YIMBY - Yes In My Backyard - made a rare appearance at a zoning commission hearing in Vernon Hills recently.

A standing-room-only crowd packed into the meeting room, while others had to watch the hearing on a television monitor in the lobby, as the planning and zoning commission considered a proposal to establish a behavioral health hospital in Vernon Hills. At the beginning of the meeting, it appeared the board was against this proposal. But as resident after resident went to the microphone to speak in favor of the hospital the tenor changed.

"I hope you will vote to give the people of Lake County a chance to overcome their illnesses by providing this behavioral health hospital," Mary Stewart-Wesson, one of 30 speakers, said.

A member of St. Mary of Vernon Catholic Church, Stewart-Wesson detailed the difficulty she and her family have had in getting help for her adult daughter, who has struggled with mental illness for years. Their search for quality care for a loved one was just one of many similar stories told that night.

Another woman recounted her attempt to get help for her troubled teenage daughter. She and her daughter waited nearly eight hours in an emergency room, seated near a man who was violent and verbally abusive, before being seen by a doctor.

If a behavioral health hospital existed nearby, the young woman would have had access to a facility in which she would have been seen within 15 minutes. And she would have been brought to a unit specializing in adolescents.

There were so many people who wanted to speak in favor of the facility the hearing lasted until past midnight.

Most of those in the audience wore stickers touting Lake County United's (LCU) support for the facility. An affiliate of Metro Industrial Areas Foundation, LCU is a nonprofit and nonpartisan network of faith-based and other associations in Lake County. It responds to issues that emerge from local leaders and institutions and supports responsible solutions to those issues.

At the end of the evening, with the crowd united behind the placement of this new facility, the commissioners voted to recommend that the village board approve a request for a special use permit to use the former office building as a hospital.

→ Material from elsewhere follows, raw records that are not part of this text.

Lemma sum_prod_pmf_marginal (i0 : I) (f : K -> R) :
  \sum_(a : {ffun I -> K}) (\prod_i p i (a i)) * f (a i0) = \sum_k p i0 k * f k.
Proof.
pose F i k := p i k * (if i == i0 then f k else 1).
have prodF a : (\prod_i p i (a i)) * f (a i0) = \prod_i F i (a i).
  rewrite big_split /=; congr (_ * _).
  by rewrite (bigD1 i0) //= eqxx big1 ?mulr1 // => i /negbTE ->.
under eq_bigr do rewrite prodF.
rewrite -(bigA_distr_bigA F) (bigD1 i0) //= [X in _ * X]big1 ?mulr1.
  by apply: eq_bigr => k _; rewrite /F eqxx.
move=> i /negbTE i_neq; rewrite -(p_sum1 i).
by apply: eq_bigr => k _; rewrite /F i_neq mulr1.
Qed.

End ProductPmf.

Section StepExp.
Variables (R : realType) (n m B : nat).
Variables (pa : 'I_n -> 'I_B.+1 -> R) (ps : 'I_m -> 'I_n -> 'I_B.+1 -> R).
Hypotheses (pa_ge0 : forall i k, 0 <= pa i k)
  (pa_sum1 : forall i, \sum_(k < B.+1) pa i k = 1).
Hypotheses (ps_ge0 : forall j i k, 0 <= ps j i k)
  (ps_sum1 : forall j i, \sum_(k < B.+1) ps j i k = 1).
Implicit Types (j : 'I_m) (q : state n) (h : state n -> R).

Lemma ler_step_exp j h1 h2 q : (forall x, h1 x <= h2 x) ->
  step_exp pa ps j h1 q <= step_exp pa ps j h2 q.
Proof.
move=> le_h; apply: ler_sum => a _; apply: ler_sum => s _.
by rewrite ler_wpM2l ?mulr_ge0 ?prodr_ge0.
Qed.

Lemma step_exp_lin j h1 h2 c1 c2 q :
  step_exp pa ps j (fun x => c1 * h1 x + c2 * h2 x) q =
  c1 * step_exp pa ps j h1 q + c2 * step_exp pa ps j h2 q.
Proof.
rewrite /step_exp !mulr_sumr -big_split; apply: eq_bigr => a _.
rewrite !mulr_sumr -big_split; apply: eq_bigr => s _ /=; ring.
Qed.

Lemma step_exp_sum j (I : finType) (h : I -> state n -> R) q :
  step_exp pa ps j (fun x => \sum_t h t x) q = \sum_t step_exp pa ps j (h t) q.
Proof.
rewrite /step_exp; under eq_bigr do under eq_bigr do rewrite mulr_sumr.
under eq_bigr do rewrite exchange_big /=.
by rewrite exchange_big.
Qed.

As envisioned, the hospital would be operated by US HealthVest in the former CDW administrative building at 300 N. Milwaukee Avenue, in Vernon Hills' Continental Executive Park. The facility would serve a variety of patients, from children to seniors, in discrete units with specialty care.

The company is accredited by The Joint Commission and has hospitals in Des Plaines and in Smyrna and Monroe, Georgia.

Instead of the rancor, divisiveness and anxiety that greet so many new proposals, the issue before the village board of Vernon Hills generated support, agreement and a broad-based desire to see one of the greatest unmet needs in the village and the county addressed with a mental health facility capable of treating people struggling with mental illness and families overwhelmed by their attempts to find appropriate and high-quality mental health services for their loved ones.

Father Joe Curtis is the pastor and Gary Schiappacasse is a parishioner at St. Mary of Vernon Catholic Church, Indian Creek, a member of Lake County United.